To assess whether BCDIN3 is a bona fide methyltransferase and to start addressing its function, we searched for specific substrates within members of the 7SK-HEXIM-BCDIN3-P-TEFb-containing complex. Our results indicate that BCDIN3 can transfer methyl groups to the gamma phosphate of 7SK snRNA, thereby stabilizing 7SK in human cells. Together, these results indicate that our protein–protein interaction network led to the long-awaited discovery of the 7SK methylphosphate capping enzyme (MEPCE). BCDIN3 was renamed MEPCE.

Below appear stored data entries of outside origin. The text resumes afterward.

Lemma ccontinuous_tr p (F : T -> 'M[R[i]]_p) :
  mx_ccontinuous F -> ccontinuous (fun t => \tr (F t)).
Proof. by move=> cF; apply: ccontinuous_sum => i; apply: cF. Qed.

Lemma closed_mx_ccontinuous_eq p q (F : T -> 'M[R[i]]_(p, q)) A :
  mx_ccontinuous F -> closed [set t | F t = A].
Proof.
move=> cF.
have -> : [set t | F t = A] = \bigcap_(ij in [set: 'I_p * 'I_q])
    ((fun t => Re (F t ij.1 ij.2)) @^-1` [set Re (A ij.1 ij.2)] `&`
     (fun t => Im (F t ij.1 ij.2)) @^-1` [set Im (A ij.1 ij.2)]).
  apply/seteqP; split => t /=; first by move=> FA ij _ /=; rewrite FA.
  move=> FA; apply/matrixP => i j; have [/= FAre FAim] := FA (i, j) I.
  by apply/eqP; rewrite eq_complex FAre FAim !eqxx.
apply: closed_bigI => ij _; have [cRe cIm] := cF ij.1 ij.2.
apply: closedI.
  by apply: preimage_closed => [t _|]; [apply: cRe | apply: closed_eq].
by apply: preimage_closed => [t _|]; [apply: cIm | apply: closed_eq].
Qed.

End ComplexContinuity.

Section UnitaryCompact.
Context (R : realType) (r : nat).
Local Notation Re := (@complex.Re R).
Local Notation Im := (@complex.Im R).
Local Notation N := (r * r + r * r)%N.
Local Open Scope classical_set_scope.

Definition mx_of_rV (v : 'rV[R]_N) : 'M[R[i]]_r :=
  \matrix_(i, j)
    Complex (v 0 (lshift _ (mxvec_index i j))) (v 0 (rshift _ (mxvec_index i j))).

Definition rV_of_mx (U : 'M[R[i]]_r) : 'rV[R]_N :=
  row_mx (mxvec (map_mx Re U)) (mxvec (map_mx Im U)).

Lemma rV_of_mxK : cancel rV_of_mx mx_of_rV.
Proof.
move=> U; apply/matrixP => i j.
by rewrite mxE row_mxEl row_mxEr !mxvecE !mxE; case: (U i j).
Qed.

Lemma mx_ccontinuous_mx_of_rV : mx_ccontinuous mx_of_rV.
Proof. by move=> i j; split; under eq_fun do rewrite mxE; apply: coord_continuous. Qed.

Lemma unitary_entry_le1 (U : 'M[R[i]]_r) :
  unitary U -> forall i j, Re (U i j) ^+ 2 + Im (U i j) ^+ 2 <= 1.
Proof.
move=> [UU _] i j; have /(congr1 (fun A : 'M[R[i]]_r => Re (A j j))) := UU.
rewrite !mxE eqxx raddf_sum (bigD1 i) //= => <-.
rewrite ler_wpDr ?sumr_ge0 // => [k _|]; rewrite !mxE; case: (U _ _) => a b /=.
  by rewrite mulNr opprK -!expr2 addr_ge0 ?sqr_ge0.
by rewrite mulNr opprK -!expr2.
Qed.

Lemma compact_unitary : compact [set v : 'rV[R]_N | unitary (mx_of_rV v)].
Proof.
apply: bounded_closed_compact.
  exists 1; split; rewrite ?num_real // => M M1 v /= Uv.
  apply: le_trans (ltW M1); rewrite (_ : `|v| = mx_norm v) // mx_normrE.
  apply/bigmax_leP; split => // -[a b] _ /=; rewrite ord1.
  rewrite -(expr_le1 (n := 2)) // real_normK ?num_real //.
  case: (split_ordP b) => l ->; case: (mxvec_indexP l) => i j;
    by have := unitary_entry_le1 Uv i j; rewrite !mxE /=; nra.
have -> : [set v | unitary (mx_of_rV v)] =
    [set v | adjmx (mx_of_rV v) *m mx_of_rV v = 1%:M].
  by apply/seteqP; split => v /=; [case | split => //; apply: mulmx1C].
by apply: closed_mx_ccontinuous_eq; apply: mx_ccontinuousM;
  [apply: mx_ccontinuous_adj|]; apply: mx_ccontinuous_mx_of_rV.
Qed.

Lemma unitary_argmax (f : 'M[R[i]]_r -> R) : continuous (f \o mx_of_rV) ->
  exists2 U0, unitary U0 & forall U, unitary U -> f U <= f U0.
Proof.
move=> cf; have ne : [set v : 'rV[R]_N | unitary (mx_of_rV v)] !=set0.
  by exists (rV_of_mx 1%:M); rewrite /= rV_of_mxK; apply: unitary1.
have [v Uv vmax] := EVT_max_rV ne compact_unitary (continuous_subspaceT cf).
exists (mx_of_rV v); first by rewrite inE in Uv.
by move=> U UU; rewrite -[U]rV_of_mxK; apply: vmax; rewrite inE /= rV_of_mxK.
Qed.

End UnitaryCompact.

Lemma mxip_argmax (R : realType) n r (x y : 'M[R[i]]_(n, r)) :
  exists2 U0, unitary U0 & forall U, unitary U -> mxip x (y *m U) <= mxip x (y *m U0).
Proof.
apply: unitary_argmax.
rewrite (_ : _ \o _ = fun v => complex.Re (\tr (adjmx x *m (y *m mx_of_rV v)))); last first.
  by apply/funext => v; rewrite /= mxip_tr.
apply: (proj1 (ccontinuous_tr _)).
apply: mx_ccontinuousM; first exact: mx_ccontinuous_cst.
by apply: mx_ccontinuousM; [exact: mx_ccontinuous_cst | exact: mx_ccontinuous_mx_of_rV].
Qed.

Section OrbitInfimum.
Context (R : realType) (n r : nat).
Local Notation M := 'M[R[i]]_(n, r).
Local Open Scope classical_set_scope.

Variable phi : M -> M -> R.

(* [Dist] and [dist] are, by definition, [orbit_inf] of the costs [frob (a - b)]
   and [frob (a - b) * frob (a + b)]. *)
Definition orbit_inf x y :=
  inf [set phi x (y *m U) | U in [set U : 'M[R[i]]_r | unitary U]].

Record invariant_cost : Prop := InvariantCost {
  cost_self : forall a, phi a a = 0;
  cost_sym : forall a b, phi a b = phi b a;
  cost_mulU : forall a b U, unitary U -> phi (a *m U) (b *m U) = phi a b;
  cost_triangle : forall a b c, phi a c <= phi a b + phi b c;
  cost_eq0 : forall a b, phi a b = 0 -> uequiv a b;
  cost_argmin : forall x y, exists2 U0, unitary U0 &
    forall U, unitary U -> phi x (y *m U0) <= phi x (y *m U) }.

Hypothesis hphi : invariant_cost.

Let cost_ge0 a b : 0 <= phi a b.
Proof.
have := cost_triangle hphi a b a.
by rewrite cost_self // (cost_sym hphi b a); lra.
Qed.

Lemma orbit_inf_le x y U : unitary U -> orbit_inf x y <= phi x (y *m U).
Proof.
move=> hU; apply: ge_inf; last by exists U.
by exists 0 => _ [V _ <-]; apply: cost_ge0.
Qed.

Lemma orbit_inf_attained x y :
  exists U0, unitary U0 /\ orbit_inf x y = phi x (y *m U0).
Proof.
have [U0 hU0 U0min] := cost_argmin hphi x y; exists U0; split => //.
apply/le_anti; rewrite orbit_inf_le //=.
by apply: lb_le_inf; [exists (phi x (y *m U0)), U0 | move=> _ [U hU <-]; apply: U0min].
Qed.

Lemma orbit_inf_ge0 x y : 0 <= orbit_inf x y.
Proof. by have [U0 [_ ->]] := orbit_inf_attained x y; apply: cost_ge0. Qed.

Lemma orbit_inf_mulUr x y Q : unitary Q -> orbit_inf x (y *m Q) = orbit_inf x y.
Proof.
move=> hQ; apply/le_anti/andP; split.
  have [U0 [hU0 ->]] := orbit_inf_attained x y.
  have -> : y *m U0 = y *m Q *m (adjmx Q *m U0).
    by rewrite -mulmxA (mulmxA Q) (proj2 hQ) mul1mx.
  by apply: orbit_inf_le; apply: unitaryM => //; apply: unitary_adj.
have [U1 [hU1 ->]] := orbit_inf_attained x (y *m Q).
by rewrite -mulmxA; apply: orbit_inf_le; apply: unitaryM.
Qed.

In sum, the first generation of the HuPI discovery engine allowed us to characterize high-confidence, high-density protein–protein interaction networks for the human transcription machinery and to identify and determine a function for novel proteins that had not been previously characterized.

Moving the HuPI project forward: what are the next steps?

Keeping in mind that the HuPI is intended to develop systematic, unbiased experimental and computational tools for deciphering human protein interaction networks and to build comprehensive maps to be made publicly available, significant efforts have been devoted to pursue the development of the HuPI discovery engine. In some cases, these efforts have been directed towards improving some aspects of the technology pipeline that were found to be suboptimal in the previous version of the engine.

Increasing the number and variety of tagged proteins

As mentioned above, the first dataset of protein–protein interactions generated through affinity purification of tagged polypeptides used 32 baits, mainly within components of the transcription and RNA processing machineries. It is now important to increase the total number of baits for different reasons. First, it is essential to increase the coverage of the method and, consequently, to build networks that are as complete as possible. Second, reciprocal tagging of preys that have been identified as components of the network is required to improve the reliability score of the protein–protein interactions. Third, tagging of proteins involved in other machineries, such as chromatin remodelling factors, transcription elongation factors, DNA replication and repair factors, and others is needed to expand the current network to other biochemical processes. At the time of this writing, we have targeted 150 polypeptides to the HuPI discovery engine and will continue working towards expanding our human protein–protein interaction network.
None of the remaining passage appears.